**TO DO**
When every entry has been read, print each one back exactly.

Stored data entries
[Start of Attachment]
Lemma tilted_mgf_le1 s a (b : bool) (f : R) :
  \sum_s' P t s a s' *
    expR (f / (4 * u ^+ 2) * ((-1) ^+ b * (W s' - PV P t s a W) - f) + f ^+ 2 / (8 * u ^+ 2))
  <= 1.
Proof.
set m := PV P t s a W; set lam := f / (4 * u ^+ 2).
have Zab x : - (2 * u) - m <= W x - m <= 2 * u - m.
  by have := hW x; rewrite ler_norml => /andP[? ?]; apply/andP; split; lra.
have EZ0 : \sum_x P t s a x * (W x - m) = 0.
  by under eq_bigr do rewrite mulrBr; rewrite sumrB -mulr_suml (hP t s a).2 mul1r subrr.
have ab : - (2 * u) - m < 2 * u - m by have := u_gt0; lra.
have hoeff := hoeffding_lemma ((-1) ^+ b * lam) (hP t s a) Zab ab EZ0.
have -> : \sum_s' P t s a s' * expR (lam * ((-1) ^+ b * (W s' - m) - f) + f ^+ 2 / (8 * u ^+ 2)) =
    expR (f ^+ 2 / (8 * u ^+ 2) - lam * f) *
    \sum_s' P t s a s' * expR ((-1) ^+ b * lam * (W s' - m)).
  rewrite mulr_sumr; apply: eq_bigr => x _.
  by rewrite [RHS]mulrCA -expRD; congr (_ * expR _); ring.
apply: le_trans (ler_wpM2l (expR_ge0 _) hoeff) _.
rewrite -expRD exprMn sqrr_sign mul1r /lam.
have u_neq0 : u != 0 by rewrite gt_eqF.
by rewrite (_ : _ + _ = 0) ?expR0 //; field.
Qed.

Lemma estimate_error_dev_event D s a : 0 < dmu d1 mu P t s a ->
  ~~ ((0 <= PV P t s a W - gfun d1 mu P u delta V Vin D t s a)
      && (PV P t s a W - gfun d1 mu P u delta V Vin D t s a
          <= 8 * u * Num.sqrt (ln (N / delta) / (l%:R * dmu d1 mu P t s a)))) ->
  dev_event s a false D || dev_event s a true D.
Proof.
move=> d_gt0; rewrite /gfun /dev_event /=.
set d := dmu d1 mu P t s a; set f := fbonus H S A l u delta d.
set n := (ncount D t s a)%:R; set m := PV P t s a W.
have -> : 8 * u * Num.sqrt (ln (N / delta) / (l%:R * d)) = 2 * f.
  by rewrite /f /fbonus; ring.
have f_ge0 : 0 <= f by rewrite fbonus_ge0 // ltW.
have sum_dev (eps : R) : \sum_(j < l | sel s a (D j)) eps * (W (nxt (D j) t) - m) =
    eps * (\sum_(j < l | sel s a (D j)) W (nxt (D j) t) - n * m).
  by rewrite -mulr_sumr sumrB sumr_const_cond.
rewrite !sum_dev expr0 expr1 !mul1r !mulN1r.
set sW := \sum_(j < l | _) _.
clearbody f n m sW.
case: ifP => [_|n_large].
  by rewrite (_ : m - (m - f) = f) ?f_ge0 /=; [lra | ring].
have n_ge : l%:R * d / 2 <= n by rewrite leNgt n_large.
have n_gt0 : 0 < n by apply: lt_le_trans n_ge; rewrite divr_gt0 // mulr_gt0 // ltr0n.
rewrite n_ge /=; move: (n^-1 * sW) (mulVKf (lt0r_neq0 n_gt0) sW) => q <-.
rewrite negb_and -!ltNge => /orP[q_gt|q_lt]; apply/orP; [left|right].
  have : 0 < n * (q - m - f) by apply: mulr_gt0 => //; lra.
  nra.
have : 0 < n * (m - q - f) by apply: mulr_gt0 => //; lra.
nra.
Qed.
[End of Attachment]
**RESULT OF THE EXERCISE**
Lemma tilted_mgf_le1 s a (b : bool) (f : R) :
  \sum_s' P t s a s' *
    expR (f / (4 * u ^+ 2) * ((-1) ^+ b * (W s' - PV P t s a W) - f) + f ^+ 2 / (8 * u ^+ 2))
  <= 1.
Proof.
set m := PV P t s a W; set lam := f / (4 * u ^+ 2).
have Zab x : - (2 * u) - m <= W x - m <= 2 * u - m.
  by have := hW x; rewrite ler_norml => /andP[? ?]; apply/andP; split; lra.
have EZ0 : \sum_x P t s a x * (W x - m) = 0.
  by under eq_bigr do rewrite mulrBr; rewrite sumrB -mulr_suml (hP t s a).2 mul1r subrr.
have ab : - (2 * u) - m < 2 * u - m by have := u_gt0; lra.
have hoeff := hoeffding_lemma ((-1) ^+ b * lam) (hP t s a) Zab ab EZ0.
have -> : \sum_s' P t s a s' * expR (lam * ((-1) ^+ b * (W s' - m) - f) + f ^+ 2 / (8 * u ^+ 2)) =
    expR (f ^+ 2 / (8 * u ^+ 2) - lam * f) *
    \sum_s' P t s a s' * expR ((-1) ^+ b * lam * (W s' - m)).
  rewrite mulr_sumr; apply: eq_bigr => x _.
  by rewrite [RHS]mulrCA -expRD; congr (_ * expR _); ring.
apply: le_trans (ler_wpM2l (expR_ge0 _) hoeff) _.
rewrite -expRD exprMn sqrr_sign mul1r /lam.
have u_neq0 : u != 0 by rewrite gt_eqF.
by rewrite (_ : _ + _ = 0) ?expR0 //; field.
Qed.

Lemma estimate_error_dev_event D s a : 0 < dmu d1 mu P t s a ->
  ~~ ((0 <= PV P t s a W - gfun d1 mu P u delta V Vin D t s a)
      && (PV P t s a W - gfun d1 mu P u delta V Vin D t s a
          <= 8 * u * Num.sqrt (ln (N / delta) / (l%:R * dmu d1 mu P t s a)))) ->
  dev_event s a false D || dev_event s a true D.
Proof.
move=> d_gt0; rewrite /gfun /dev_event /=.
set d := dmu d1 mu P t s a; set f := fbonus H S A l u delta d.
set n := (ncount D t s a)%:R; set m := PV P t s a W.
have -> : 8 * u * Num.sqrt (ln (N / delta) / (l%:R * d)) = 2 * f.
  by rewrite /f /fbonus; ring.
have f_ge0 : 0 <= f by rewrite fbonus_ge0 // ltW.
have sum_dev (eps : R) : \sum_(j < l | sel s a (D j)) eps * (W (nxt (D j) t) - m) =
    eps * (\sum_(j < l | sel s a (D j)) W (nxt (D j) t) - n * m).
  by rewrite -mulr_sumr sumrB sumr_const_cond.
rewrite !sum_dev expr0 expr1 !mul1r !mulN1r.
set sW := \sum_(j < l | _) _.
clearbody f n m sW.
case: ifP => [_|n_large].
  by rewrite (_ : m - (m - f) = f) ?f_ge0 /=; [lra | ring].
have n_ge : l%:R * d / 2 <= n by rewrite leNgt n_large.
have n_gt0 : 0 < n by apply: lt_le_trans n_ge; rewrite divr_gt0 // mulr_gt0 // ltr0n.
rewrite n_ge /=; move: (n^-1 * sW) (mulVKf (lt0r_neq0 n_gt0) sW) => q <-.
rewrite negb_and -!ltNge => /orP[q_gt|q_lt]; apply/orP; [left|right].
  have : 0 < n * (q - m - f) by apply: mulr_gt0 => //; lra.
  nra.
have : 0 < n * (m - q - f) by apply: mulr_gt0 => //; lra.
nra.
Qed.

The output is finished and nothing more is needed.